Task to complete> Output the records in full, exactly as given.

Material for this exercise>
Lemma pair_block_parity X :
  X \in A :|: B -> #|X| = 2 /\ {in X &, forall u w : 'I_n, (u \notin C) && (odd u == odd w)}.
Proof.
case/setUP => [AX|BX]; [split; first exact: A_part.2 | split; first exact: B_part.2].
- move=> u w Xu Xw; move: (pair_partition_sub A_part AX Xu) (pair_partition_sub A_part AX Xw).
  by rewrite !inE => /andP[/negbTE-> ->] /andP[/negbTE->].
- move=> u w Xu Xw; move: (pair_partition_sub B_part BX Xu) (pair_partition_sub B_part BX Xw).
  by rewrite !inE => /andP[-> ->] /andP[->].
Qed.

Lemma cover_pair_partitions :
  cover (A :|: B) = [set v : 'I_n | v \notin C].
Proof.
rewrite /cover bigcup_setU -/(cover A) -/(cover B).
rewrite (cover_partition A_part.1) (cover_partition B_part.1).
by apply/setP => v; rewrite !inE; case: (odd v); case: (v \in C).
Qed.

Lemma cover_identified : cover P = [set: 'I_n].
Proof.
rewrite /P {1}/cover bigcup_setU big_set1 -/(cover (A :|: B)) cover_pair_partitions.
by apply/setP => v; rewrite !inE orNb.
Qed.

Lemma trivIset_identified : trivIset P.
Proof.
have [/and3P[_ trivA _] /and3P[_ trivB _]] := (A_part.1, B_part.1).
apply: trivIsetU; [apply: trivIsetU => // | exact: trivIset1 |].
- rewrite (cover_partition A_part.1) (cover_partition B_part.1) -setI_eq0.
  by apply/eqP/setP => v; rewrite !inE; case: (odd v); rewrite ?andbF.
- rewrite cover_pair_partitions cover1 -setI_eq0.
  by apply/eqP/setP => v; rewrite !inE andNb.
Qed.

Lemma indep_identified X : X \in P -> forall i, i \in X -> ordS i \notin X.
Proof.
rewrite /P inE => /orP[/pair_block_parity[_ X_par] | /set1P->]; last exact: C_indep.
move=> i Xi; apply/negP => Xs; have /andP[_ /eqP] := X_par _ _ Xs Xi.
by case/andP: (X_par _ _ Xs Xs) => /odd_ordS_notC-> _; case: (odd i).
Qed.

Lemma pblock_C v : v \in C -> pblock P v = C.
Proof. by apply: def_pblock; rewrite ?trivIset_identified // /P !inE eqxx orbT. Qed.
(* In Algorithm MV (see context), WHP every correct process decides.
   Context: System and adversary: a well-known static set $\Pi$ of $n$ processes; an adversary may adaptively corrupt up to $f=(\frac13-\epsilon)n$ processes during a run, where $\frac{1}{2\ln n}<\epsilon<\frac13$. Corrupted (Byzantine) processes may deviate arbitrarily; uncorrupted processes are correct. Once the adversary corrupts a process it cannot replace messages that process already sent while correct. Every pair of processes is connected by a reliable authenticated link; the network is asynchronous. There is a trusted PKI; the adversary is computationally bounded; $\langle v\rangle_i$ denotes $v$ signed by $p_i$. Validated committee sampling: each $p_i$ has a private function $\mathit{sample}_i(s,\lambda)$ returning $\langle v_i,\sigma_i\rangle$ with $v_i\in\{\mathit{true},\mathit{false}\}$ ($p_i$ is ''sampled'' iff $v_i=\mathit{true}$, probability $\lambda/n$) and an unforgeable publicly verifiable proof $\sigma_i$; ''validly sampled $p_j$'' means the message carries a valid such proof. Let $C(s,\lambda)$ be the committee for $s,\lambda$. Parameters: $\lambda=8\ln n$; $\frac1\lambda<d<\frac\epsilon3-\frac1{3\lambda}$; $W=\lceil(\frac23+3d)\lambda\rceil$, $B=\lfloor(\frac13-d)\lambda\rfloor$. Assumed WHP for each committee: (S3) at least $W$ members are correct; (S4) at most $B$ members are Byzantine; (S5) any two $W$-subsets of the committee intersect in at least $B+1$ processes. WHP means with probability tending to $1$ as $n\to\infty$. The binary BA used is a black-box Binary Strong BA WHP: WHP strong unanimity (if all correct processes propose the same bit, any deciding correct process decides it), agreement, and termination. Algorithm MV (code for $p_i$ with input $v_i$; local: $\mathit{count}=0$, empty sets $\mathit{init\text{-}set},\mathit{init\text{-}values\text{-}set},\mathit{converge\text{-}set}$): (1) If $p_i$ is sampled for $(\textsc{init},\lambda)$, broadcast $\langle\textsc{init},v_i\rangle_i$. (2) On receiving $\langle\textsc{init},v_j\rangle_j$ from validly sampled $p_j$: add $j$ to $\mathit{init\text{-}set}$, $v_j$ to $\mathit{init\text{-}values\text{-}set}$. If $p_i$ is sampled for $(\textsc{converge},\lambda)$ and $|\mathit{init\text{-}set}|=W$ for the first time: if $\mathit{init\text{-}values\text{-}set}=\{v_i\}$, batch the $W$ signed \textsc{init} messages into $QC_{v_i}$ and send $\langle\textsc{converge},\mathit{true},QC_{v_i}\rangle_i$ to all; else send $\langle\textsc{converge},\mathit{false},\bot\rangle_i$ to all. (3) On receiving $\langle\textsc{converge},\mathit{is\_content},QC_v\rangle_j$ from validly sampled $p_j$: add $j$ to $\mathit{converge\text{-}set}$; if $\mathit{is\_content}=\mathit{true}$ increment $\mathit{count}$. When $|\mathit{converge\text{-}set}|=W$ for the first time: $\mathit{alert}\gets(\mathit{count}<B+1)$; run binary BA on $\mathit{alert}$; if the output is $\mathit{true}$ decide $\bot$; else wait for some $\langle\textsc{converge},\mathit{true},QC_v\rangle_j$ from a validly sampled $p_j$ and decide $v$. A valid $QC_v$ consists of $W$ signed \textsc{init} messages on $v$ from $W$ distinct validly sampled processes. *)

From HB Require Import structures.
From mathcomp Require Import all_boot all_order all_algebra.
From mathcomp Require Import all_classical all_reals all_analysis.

Reply>
Lemma pair_block_parity X :
  X \in A :|: B -> #|X| = 2 /\ {in X &, forall u w : 'I_n, (u \notin C) && (odd u == odd w)}.
Proof.
case/setUP => [AX|BX]; [split; first exact: A_part.2 | split; first exact: B_part.2].
- move=> u w Xu Xw; move: (pair_partition_sub A_part AX Xu) (pair_partition_sub A_part AX Xw).
  by rewrite !inE => /andP[/negbTE-> ->] /andP[/negbTE->].
- move=> u w Xu Xw; move: (pair_partition_sub B_part BX Xu) (pair_partition_sub B_part BX Xw).
  by rewrite !inE => /andP[-> ->] /andP[->].
Qed.

Lemma cover_pair_partitions :
  cover (A :|: B) = [set v : 'I_n | v \notin C].
Proof.
rewrite /cover bigcup_setU -/(cover A) -/(cover B).
rewrite (cover_partition A_part.1) (cover_partition B_part.1).
by apply/setP => v; rewrite !inE; case: (odd v); case: (v \in C).
Qed.

Lemma cover_identified : cover P = [set: 'I_n].
Proof.
rewrite /P {1}/cover bigcup_setU big_set1 -/(cover (A :|: B)) cover_pair_partitions.
by apply/setP => v; rewrite !inE orNb.
Qed.

Lemma trivIset_identified : trivIset P.
Proof.
have [/and3P[_ trivA _] /and3P[_ trivB _]] := (A_part.1, B_part.1).
apply: trivIsetU; [apply: trivIsetU => // | exact: trivIset1 |].
- rewrite (cover_partition A_part.1) (cover_partition B_part.1) -setI_eq0.
  by apply/eqP/setP => v; rewrite !inE; case: (odd v); rewrite ?andbF.
- rewrite cover_pair_partitions cover1 -setI_eq0.
  by apply/eqP/setP => v; rewrite !inE andNb.
Qed.

Lemma indep_identified X : X \in P -> forall i, i \in X -> ordS i \notin X.
Proof.
rewrite /P inE => /orP[/pair_block_parity[_ X_par] | /set1P->]; last exact: C_indep.
move=> i Xi; apply/negP => Xs; have /andP[_ /eqP] := X_par _ _ Xs Xi.
by case/andP: (X_par _ _ Xs Xs) => /odd_ordS_notC-> _; case: (odd i).
Qed.

Lemma pblock_C v : v \in C -> pblock P v = C.
Proof. by apply: def_pblock; rewrite ?trivIset_identified // /P !inE eqxx orbT. Qed.
(* In Algorithm MV (see context), WHP every correct process decides.
   Context: System and adversary: a well-known static set $\Pi$ of $n$ processes; an adversary may adaptively corrupt up to $f=(\frac13-\epsilon)n$ processes during a run, where $\frac{1}{2\ln n}<\epsilon<\frac13$. Corrupted (Byzantine) processes may deviate arbitrarily; uncorrupted processes are correct. Once the adversary corrupts a process it cannot replace messages that process already sent while correct. Every pair of processes is connected by a reliable authenticated link; the network is asynchronous. There is a trusted PKI; the adversary is computationally bounded; $\langle v\rangle_i$ denotes $v$ signed by $p_i$. Validated committee sampling: each $p_i$ has a private function $\mathit{sample}_i(s,\lambda)$ returning $\langle v_i,\sigma_i\rangle$ with $v_i\in\{\mathit{true},\mathit{false}\}$ ($p_i$ is ''sampled'' iff $v_i=\mathit{true}$, probability $\lambda/n$) and an unforgeable publicly verifiable proof $\sigma_i$; ''validly sampled $p_j$'' means the message carries a valid such proof. Let $C(s,\lambda)$ be the committee for $s,\lambda$. Parameters: $\lambda=8\ln n$; $\frac1\lambda<d<\frac\epsilon3-\frac1{3\lambda}$; $W=\lceil(\frac23+3d)\lambda\rceil$, $B=\lfloor(\frac13-d)\lambda\rfloor$. Assumed WHP for each committee: (S3) at least $W$ members are correct; (S4) at most $B$ members are Byzantine; (S5) any two $W$-subsets of the committee intersect in at least $B+1$ processes. WHP means with probability tending to $1$ as $n\to\infty$. The binary BA used is a black-box Binary Strong BA WHP: WHP strong unanimity (if all correct processes propose the same bit, any deciding correct process decides it), agreement, and termination. Algorithm MV (code for $p_i$ with input $v_i$; local: $\mathit{count}=0$, empty sets $\mathit{init\text{-}set},\mathit{init\text{-}values\text{-}set},\mathit{converge\text{-}set}$): (1) If $p_i$ is sampled for $(\textsc{init},\lambda)$, broadcast $\langle\textsc{init},v_i\rangle_i$. (2) On receiving $\langle\textsc{init},v_j\rangle_j$ from validly sampled $p_j$: add $j$ to $\mathit{init\text{-}set}$, $v_j$ to $\mathit{init\text{-}values\text{-}set}$. If $p_i$ is sampled for $(\textsc{converge},\lambda)$ and $|\mathit{init\text{-}set}|=W$ for the first time: if $\mathit{init\text{-}values\text{-}set}=\{v_i\}$, batch the $W$ signed \textsc{init} messages into $QC_{v_i}$ and send $\langle\textsc{converge},\mathit{true},QC_{v_i}\rangle_i$ to all; else send $\langle\textsc{converge},\mathit{false},\bot\rangle_i$ to all. (3) On receiving $\langle\textsc{converge},\mathit{is\_content},QC_v\rangle_j$ from validly sampled $p_j$: add $j$ to $\mathit{converge\text{-}set}$; if $\mathit{is\_content}=\mathit{true}$ increment $\mathit{count}$. When $|\mathit{converge\text{-}set}|=W$ for the first time: $\mathit{alert}\gets(\mathit{count}<B+1)$; run binary BA on $\mathit{alert}$; if the output is $\mathit{true}$ decide $\bot$; else wait for some $\langle\textsc{converge},\mathit{true},QC_v\rangle_j$ from a validly sampled $p_j$ and decide $v$. A valid $QC_v$ consists of $W$ signed \textsc{init} messages on $v$ from $W$ distinct validly sampled processes. *)

From HB Require Import structures.
From mathcomp Require Import all_boot all_order all_algebra.
From mathcomp Require Import all_classical all_reals all_analysis.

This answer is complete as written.